▸ PROBLEM TO WORK ON
Lines from the records below that contain the word "have" are to be copied out.

BEGIN MATERIAL PROVIDED

(* Let $G$ be a finite simple graph with an initial configuration and let $u,v$ be adjacent vertices with $\deg(u)=2$ and $\deg(v)\in\{1,2\}$. Then for every integer $t\geq0$, $|c_{t+1}(u)-c_{t+1}(v)|\leq \max\{3,\ |c_t(u)-c_t(v)|\}$.
   Context: Diffusion process: for a configuration $c_t:V(G)\to\mathbb{Z}$, $c_{t+1}(w)=c_t(w)-|\{x\in N(w): c_t(w)>c_t(x)\}|+|\{x\in N(w): c_t(w)<c_t(x)\}|$ for all $w$ simultaneously. *)

From mathcomp Require Import all_boot all_order all_algebra.
Set Implicit Arguments. Unset Strict Implicit. Unset Printing Implicit Defensive.
Import Order.TTheory GRing.Theory Num.Theory.
Local Open Scope ring_scope.

Definition simple_graph (T : finType) (e : rel T) : Prop :=
  symmetric e /\ irreflexive e.

Definition deg (T : finType) (e : rel T) (w : T) : nat := #|[set x | e w x]|.

Definition diffuse_step (T : finType) (e : rel T) (c : T -> int) : T -> int :=
  fun w => c w - (#|[set x | e w x && (c x < c w)]|)%:Z
               + (#|[set x | e w x && (c w < c x)]|)%:Z.

Definition config (T : finType) (e : rel T) (c0 : T -> int) (t : nat) : T -> int :=
  iter t (diffuse_step e) c0.

From mathcomp Require Import all_boot all_order all_algebra.
From mathcomp Require Import zify.
Set Implicit Arguments. Unset Strict Implicit. Unset Printing Implicit Defensive.
Import Order.TTheory GRing.Theory Num.Theory.
Local Open Scope ring_scope.

(* Along the edge uv, one diffusion step moves c(u) and c(v) one unit towards
   each other, so it shrinks their difference d by 2 sgz d; each remaining
   neighbour of u or of v perturbs the new difference by at most 1.  With
   deg u = 2 and deg v <= 2 the perturbation is at most 2, which gives at most
   |d| when |d| >= 2, and at most 3 when |d| <= 1. *)

Section Diffusion.

Variables (T : finType) (e : rel T).

Lemma card_nbr_predD1 (w v : T) (P : pred T) : e w v ->
  #|[set x | e w x && P x]| = (P v + #|[set x | e w x && P x] :\ v|)%N.
Proof. by move=> ewv; rewrite (cardsD1 v) inE ewv. Qed.

Lemma leq_card_nbr_predD1 (w v : T) (P : pred T) : e w v ->
  (#|[set x | e w x && P x] :\ v| <= (deg e w).-1)%N.
Proof.
move=> ewv; rewrite /deg (cardsD1 v [set x | e w x]) inE ewv /=.
apply: subset_leq_card; apply/subsetP => x; rewrite !inE.
by case/andP=> -> /andP[-> _].
Qed.

Lemma diffuse_step_adj (c : T -> int) (w v : T) : e w v ->
  `|diffuse_step e c w - (c w - (c v < c w)%R%:Z + (c w < c v)%R%:Z)|
    <= ((deg e w).-1)%:Z.
Proof.
move=> ewv; rewrite /diffuse_step.
rewrite (@card_nbr_predD1 w v (fun x => c x < c w) ewv).
rewrite (@card_nbr_predD1 w v (fun x => c w < c x) ewv).
have := @leq_card_nbr_predD1 w v (fun x => c x < c w) ewv.
have := @leq_card_nbr_predD1 w v (fun x => c w < c x) ewv.
rewrite !PoszD; lia.
Qed.

Lemma diffuse_step_adj_sub (c : T -> int) (u v : T) :
  symmetric e -> e u v ->
  `|diffuse_step e c u - diffuse_step e c v
    - (c u - c v - 2 * sgz (c u - c v))|
    <= ((deg e u).-1 + (deg e v).-1)%N%:Z.
Proof.
move=> esym euv; have evu : e v u by rewrite esym.
have := diffuse_step_adj c euv; have := diffuse_step_adj c evu.
case: (ltgtP (c u) (c v)) => [lt_uv|lt_vu|->].
- by rewrite ltr0_sgz ?subr_lt0 //; lia.
- by rewrite gtr0_sgz ?subr_gt0 //; lia.
- by rewrite subrr sgz0; lia.
Qed.

End Diffusion.

Lemma contract2_le_max3 (d x : int) :
  `|x - (d - 2 * sgz d)| <= 2 -> `|x| <= Num.max 3 `|d|.
Proof. by case: sgzP; lia. Qed.

Theorem lemma6 (T : finType) (e : rel T) (c0 : T -> int) (u v : T) :
  simple_graph e -> e u v ->
  deg e u = 2%N -> (deg e v = 1%N \/ deg e v = 2%N) ->
  forall t : nat,
    `|config e c0 t.+1 u - config e c0 t.+1 v| <=
      Num.max 3 `|config e c0 t u - config e c0 t v|.
Proof.
move=> [esym _] euv du dv t; rewrite /config iterS -/(config e c0 t).
apply: contract2_le_max3; apply: le_trans (diffuse_step_adj_sub _ esym euv) _.
by rewrite du; case: dv => ->.
Qed.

END MATERIAL PROVIDED

▸ REPLY TO THE TASK
have := @leq_card_nbr_predD1 w v (fun x => c x < c w) ewv.
have := @leq_card_nbr_predD1 w v (fun x => c w < c x) ewv.
move=> esym euv; have evu : e v u by rewrite esym.
have := diffuse_step_adj c euv; have := diffuse_step_adj c evu.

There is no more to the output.